Stored items:
+--

Lemma modG_seq_factor (m : nat) (z : C) :
  let h := (RtoC (/ cube_root_n (S m)) * z)%C in
  (eig_near a b h - eig_far a b h)%C <> 0%C -> eig_near a b h <> 0%C -> coefP a b h <> 0%C ->
  modG_seq a b (S m) z = (psi a b z * main_factor m h)%C.
Proof.
  intros h Hne Hl Hc.
  pose proof (cube_root_n_pos (S m)) as Hcn.
  set (cn := cube_root_n (S m)) in *.
  pose proof (c0P_pos a b) as Hc0; pose proof (lamP_pos a b) as HL; pose proof (ising_Z_pos a b (S m)) as HZ.
  assert (Hw : eig_approx a b h <> 0%C)
    by (unfold eig_approx; apply Cmult_neq_0; [apply RtoC_neq0; lra | apply cexp_neq0]).
  set (X := cexp (RtoC (INR m) * log_eig_cubic a b h)).
  assert (HX : X <> 0%C) by apply cexp_neq0.
  assert (Hlam : (eig_near a b h ^ m = (eig_near a b h / eig_approx a b h) ^ m * (lamP a b ^ m * X))%C).
  { unfold X; rewrite <- cexp_pow, <- !Cpow_mult_l; f_equal; unfold eig_approx; field.
    split; [apply cexp_neq0 | apply RtoC_neq0; lra]. }
  pose proof (cexp_scaling_exponent m z) as Hexp; cbv zeta in Hexp; fold cn h X in Hexp.
  assert (HZc : (c0P a b * lamP a b ^ m + c0M a b * lamM a b ^ m)%C <> 0%C)
    by (rewrite <- ising_Z_closed_form; apply RtoC_neq0; lra).
  assert (HLm : (RtoC (lamP a b) ^ m)%C <> 0%C) by (apply Cpow_nz, RtoC_neq0; lra).
  assert (Hlw : ((eig_near a b h / eig_approx a b h) ^ m)%C <> 0%C)
    by (apply Cpow_nz, Cdiv_neq0; auto).
  rewrite modG_seq_Zc; fold cn h; match goal with |- ?x = ?y => change (@eq C x y) end.
  rewrite Zc_closed_form, ising_Z_closed_form by auto.
  unfold main_factor; rewrite (Cpow_div (eig_far a b h)), (Cpow_div (RtoC (lamM a b))), !Hlam
    by (auto; apply RtoC_neq0; lra).
  transitivity (coefP a b h / c0P a b * (eig_near a b h / eig_approx a b h) ^ m
     * (1 + coefM a b h / coefP a b h
            * (eig_far a b h ^ m / ((eig_near a b h / eig_approx a b h) ^ m * (lamP a b ^ m * X))))
     * / (1 + c0M a b / c0P a b * (lamM a b ^ m / lamP a b ^ m))
     * (X * cexp (RtoC (- INR (S m) * mbar a b / cn) * z) * cexp (RtoC (- t_n a b (S m) / 2) * (z * z))))%C.
  - field; repeat split; auto; apply RtoC_neq0; lra.
  - rewrite Hexp; field; repeat split; auto; apply RtoC_neq0; lra.
Qed.
(* Let $p$ be an odd prime and $1\le\ell\le p-1$ with Legendre symbol $\left(\frac{4\ell+1}{p}\right)=-1$. Then for all $n,k\ge0$, $$b\!\left(2p^{2k+3}n+\frac{(4\ell+1)p^{2k+2}-1}{2}\right)\equiv 0\pmod 4.$$
   Context: The mock theta function $\mathcal{B}(q)=\sum_{n\ge0}\frac{q^n(-q;q^2)_n}{(q;q^2)_{n+1}}=\sum_{n\ge0}b(n)q^n$, where $(a;q)_n=\prod_{j=0}^{n-1}(1-aq^j)$. *)

From mathcomp Require Import all_boot all_order all_algebra.
Set Implicit Arguments. Unset Strict Implicit. Unset Printing Implicit Defensive.
Import GRing.Theory Num.Theory.
Local Open Scope ring_scope.

(* Truncated expansion of 1/(1 - q^a) as a power series:
   sum_{i=0}^{N} q^(a*i); exact up to degree N when a >= 1. *)
Definition geom_inv (a N : nat) : {poly int} := \sum_(i < N.+1) 'X^(a * i).

(* Truncation (valid up to degree N) of the m-th summand
   q^m (-q;q^2)_m / (q;q^2)_{m+1}
   = q^m * prod_{j<m} (1 + q^(2j+1)) * prod_{j<m+1} 1/(1 - q^(2j+1)). *)
Definition Bterm (m N : nat) : {poly int} :=
  'X^m * (\prod_(j < m) (1 + 'X^(2 * j + 1)))
       * (\prod_(j < m.+1) geom_inv (2 * j + 1) N).

(* b(n) = coefficient of q^n in B(q) = sum_{m>=0} q^m (-q;q^2)_m/(q;q^2)_{m+1}.
   Only summands m <= n contribute to q^n (each has valuation m), and the
   truncated geometric series are exact up to degree n. *)
Definition b (n : nat) : int := (\sum_(m < n.+1) Bterm m n)`_n.

Definition legendre (a p : nat) : int :=
  if (p %| a)%N then 0
  else if [exists x : 'I_p, (x ^ 2 == a %[mod p])%N] then 1 else -1.

(* Write B(q) = G(1) / (1 - q) with G(s) = sum_k (-q;q^2)_k q^(sk) / (q^3;q^2)_k.
   G(s) equals a second series R(s), because both satisfy
   (1 - q^s) F(s) = (1 - q) + q (1 + q^s) F(s + 2), which determines F(s) as a
   power series.  The k-th summand of R(1) / (1 - q) is
   q^(2k^2+2k) (1 + q^(4k+2)) / (1 - q^(2k+1))^2 * Y_k^2 with
   Y_k = (-q;q^2)_k / (q;q^2)_k = 1 mod 2, so modulo 4 it is q^(2k^2+2k) plus twice a
   series supported on odd exponents.  Hence b(N) = 0 mod 4 whenever N is even and
   2N + 1 is not a square.  For the N of the theorem, 2N + 1 = p^(2k+2) (4pn + 4l + 1),
   and if this were a square then so would be 4pn + 4l + 1, making 4l + 1 a quadratic
   residue mod p.  All series are truncated at degree T and compared modulo
   (m, q^(T+1)). *)

From mathcomp Require Import all_boot all_order all_algebra.
From mathcomp Require Import ring zify.
Set Implicit Arguments. Unset Strict Implicit. Unset Printing Implicit Defensive.
Import GRing.Theory.
Local Open Scope ring_scope.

+--

ABOUT THIS TASK
Could you write out, exactly as they stand, only the lines above that begin at the line with "intros h Hne Hl Hc." and stop after the line with "(* Let $p$ be"?

WRITTEN RESPONSE
  intros h Hne Hl Hc.
  pose proof (cube_root_n_pos (S m)) as Hcn.
  set (cn := cube_root_n (S m)) in *.
  pose proof (c0P_pos a b) as Hc0; pose proof (lamP_pos a b) as HL; pose proof (ising_Z_pos a b (S m)) as HZ.
  assert (Hw : eig_approx a b h <> 0%C)
    by (unfold eig_approx; apply Cmult_neq_0; [apply RtoC_neq0; lra | apply cexp_neq0]).
  set (X := cexp (RtoC (INR m) * log_eig_cubic a b h)).
  assert (HX : X <> 0%C) by apply cexp_neq0.
  assert (Hlam : (eig_near a b h ^ m = (eig_near a b h / eig_approx a b h) ^ m * (lamP a b ^ m * X))%C).
  { unfold X; rewrite <- cexp_pow, <- !Cpow_mult_l; f_equal; unfold eig_approx; field.
    split; [apply cexp_neq0 | apply RtoC_neq0; lra]. }
  pose proof (cexp_scaling_exponent m z) as Hexp; cbv zeta in Hexp; fold cn h X in Hexp.
  assert (HZc : (c0P a b * lamP a b ^ m + c0M a b * lamM a b ^ m)%C <> 0%C)
    by (rewrite <- ising_Z_closed_form; apply RtoC_neq0; lra).
  assert (HLm : (RtoC (lamP a b) ^ m)%C <> 0%C) by (apply Cpow_nz, RtoC_neq0; lra).
  assert (Hlw : ((eig_near a b h / eig_approx a b h) ^ m)%C <> 0%C)
    by (apply Cpow_nz, Cdiv_neq0; auto).
  rewrite modG_seq_Zc; fold cn h; match goal with |- ?x = ?y => change (@eq C x y) end.
  rewrite Zc_closed_form, ising_Z_closed_form by auto.
  unfold main_factor; rewrite (Cpow_div (eig_far a b h)), (Cpow_div (RtoC (lamM a b))), !Hlam
    by (auto; apply RtoC_neq0; lra).
  transitivity (coefP a b h / c0P a b * (eig_near a b h / eig_approx a b h) ^ m
     * (1 + coefM a b h / coefP a b h
            * (eig_far a b h ^ m / ((eig_near a b h / eig_approx a b h) ^ m * (lamP a b ^ m * X))))
     * / (1 + c0M a b / c0P a b * (lamM a b ^ m / lamP a b ^ m))
     * (X * cexp (RtoC (- INR (S m) * mbar a b / cn) * z) * cexp (RtoC (- t_n a b (S m) / 2) * (z * z))))%C.
  - field; repeat split; auto; apply RtoC_neq0; lra.
  - rewrite Hexp; field; repeat split; auto; apply RtoC_neq0; lra.
Qed.
(* Let $p$ be an odd prime and $1\le\ell\le p-1$ with Legendre symbol $\left(\frac{4\ell+1}{p}\right)=-1$. Then for all $n,k\ge0$, $$b\!\left(2p^{2k+3}n+\frac{(4\ell+1)p^{2k+2}-1}{2}\right)\equiv 0\pmod 4.$$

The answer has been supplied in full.